**Directions for this task**
In the records below, locate the line containing "by rewrite divr_ge0."; output that line and every following line through the last, exactly.
+ + + +
Lemma memF_approx_abs x (y : nat -> T -> R) : fmem E x -> (forall n, fmem F (y n)) ->
  exists w : nat -> T -> R, [/\ forall n, fmem F (w n),
    forall n t, 0 <= w n t <= `|x t|, forall t, nondecreasing_seq (w^~ t) &
    forall t, (\bigcup_n supp (y n)) t -> exists n, w n t = `|x t|].
Proof.
move=> Ex Fy; pose S n t := \sum_(0 <= k < n) `|y k t|.
have S_nd t : nondecreasing_seq (S^~ t) by apply: nondecreasing_series => *.
have S_ge m n t : (m < n)%N -> `|y m t| <= S n t.
  move=> mn; apply: le_trans (S_nd t _ _ mn); rewrite /S big_nat_recr //=.
  by rewrite lerDr sumr_ge0.
pose V n t := n%:R * S n t.
have V_ge0 n t : 0 <= V n t by rewrite mulr_ge0 ?sumr_ge0.
have FV n : fmem F (V n) by apply/memF_natmul/memF_sum_abs.
exists (fun n t => Num.min `|x t| (V n t)); split.
- move=> n; apply: (memF_ideal (FV n)).
    exact: measurable_minr (L0_abs (memE_L0 Ex)) (memE_L0 (FV n).1).
  apply: aeW => t /=; rewrite (ger0_norm (V_ge0 n t)).
  by case: (leP `|x t| (V n t)) => ?; rewrite ?normr_id ?(ger0_norm (V_ge0 n t)).
- move=> n t; have := V_ge0 n t; have := normr_ge0 (x t).
  by case: (leP `|x t| (V n t)) => *; apply/andP; split; lra.
- move=> t m n mn; apply: le_min2 => //; apply: ler_pM; rewrite ?sumr_ge0 ?ler_nat //.
  exact: S_nd.
- move=> t [m _ ymt]; have ym_gt0 : 0 < `|y m t| by rewrite normr_gt0; exact/eqP.
  pose n := maxn m.+1 (Num.bound (`|x t| / `|y m t|)).
  exists n; apply/min_idPl; apply: (@le_trans _ _ (n%:R * `|y m t|)).
    rewrite -ler_pdivrMr //; apply: le_trans (ltW (archi_boundP _)) _.
      by rewrite divr_ge0.
    by rewrite ler_nat leq_maxr.
  by rewrite ler_wpM2l //; exact: S_ge (leq_maxl _ _).
Qed.

Section dual_ocpart.
Variable g : T -> R.
Hypothesis hg : fmem (dual mu F) g.
Local Notation C := (fnorm (dual mu F) g).

Let Lg : L0 g. Proof. by case: hg. Qed.
Let g_ub : has_ubound (dual_vals mu F g). Proof. by case: hg. Qed.
Let gF x : fmem F x -> mu.-integrable setT (fun t => (g t * x t)%:E).
Proof. by case: hg => _ h _; exact: h. Qed.

Lemma dual_norm_ge0 : 0 <= C.
Proof.
apply/sup_ge0_oppr_closed/(dual_vals_oppr_closed _ gF).
exact: neg_invariant_ocpart (neg_invariant_BIS hE).
Qed.

Lemma Rintegral_le_dual_norm w : fmem F w ->
  Rintegral mu setT (fun t => g t * w t) <= C * fnorm E w.
Proof.
move=> Fw; have [w0|wn0] := eqVneq (fnorm E w) 0.
  rewrite w0 mulr0 /Rintegral (ae_eq_integral (cst 0%E)) ?integral0 //.
  - by apply/measurable_EFinP; apply: measurable_funM => //; exact: memE_L0 Fw.1.
  - by apply: filterS (normE_eq0 Fw.1 w0) => t /= -> _; rewrite mulr0.
have w_gt0 : 0 < fnorm E w by rewrite lt_neqAle eq_sym wn0 normE_ge0 //; exact: Fw.1.
pose v t := (fnorm E w)^-1 * w t.
have gv : dual_vals mu F g (Rintegral mu setT (fun t => g t * v t)).
  exists v; split; first exact: memF_scale.
    by rewrite normE_scale ?ger0_norm ?invr_ge0 ?mulVf //; [exact: ltW|exact: Fw.1].
  by [].
have := ub_le_sup g_ub gv.
have -> : Rintegral mu setT (fun t => g t * v t) =
    (fnorm E w)^-1 * Rintegral mu setT (fun t => g t * w t).
  by rewrite -RintegralZl //; [apply: eq_Rintegral => t _; rewrite mulrCA|exact: gF].
by rewrite ler_pdivrMl // mulrC.
Qed.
+ + + +
**Solution to the exercise**
      by rewrite divr_ge0.
    by rewrite ler_nat leq_maxr.
  by rewrite ler_wpM2l //; exact: S_ge (leq_maxl _ _).
Qed.

Section dual_ocpart.
Variable g : T -> R.
Hypothesis hg : fmem (dual mu F) g.
Local Notation C := (fnorm (dual mu F) g).

Let Lg : L0 g. Proof. by case: hg. Qed.
Let g_ub : has_ubound (dual_vals mu F g). Proof. by case: hg. Qed.
Let gF x : fmem F x -> mu.-integrable setT (fun t => (g t * x t)%:E).
Proof. by case: hg => _ h _; exact: h. Qed.

Lemma dual_norm_ge0 : 0 <= C.
Proof.
apply/sup_ge0_oppr_closed/(dual_vals_oppr_closed _ gF).
exact: neg_invariant_ocpart (neg_invariant_BIS hE).
Qed.

Lemma Rintegral_le_dual_norm w : fmem F w ->
  Rintegral mu setT (fun t => g t * w t) <= C * fnorm E w.
Proof.
move=> Fw; have [w0|wn0] := eqVneq (fnorm E w) 0.
  rewrite w0 mulr0 /Rintegral (ae_eq_integral (cst 0%E)) ?integral0 //.
  - by apply/measurable_EFinP; apply: measurable_funM => //; exact: memE_L0 Fw.1.
  - by apply: filterS (normE_eq0 Fw.1 w0) => t /= -> _; rewrite mulr0.
have w_gt0 : 0 < fnorm E w by rewrite lt_neqAle eq_sym wn0 normE_ge0 //; exact: Fw.1.
pose v t := (fnorm E w)^-1 * w t.
have gv : dual_vals mu F g (Rintegral mu setT (fun t => g t * v t)).
  exists v; split; first exact: memF_scale.
    by rewrite normE_scale ?ger0_norm ?invr_ge0 ?mulVf //; [exact: ltW|exact: Fw.1].
  by [].
have := ub_le_sup g_ub gv.
have -> : Rintegral mu setT (fun t => g t * v t) =
    (fnorm E w)^-1 * Rintegral mu setT (fun t => g t * w t).
  by rewrite -RintegralZl //; [apply: eq_Rintegral => t _; rewrite mulrCA|exact: gF].
by rewrite ler_pdivrMl // mulrC.
Qed.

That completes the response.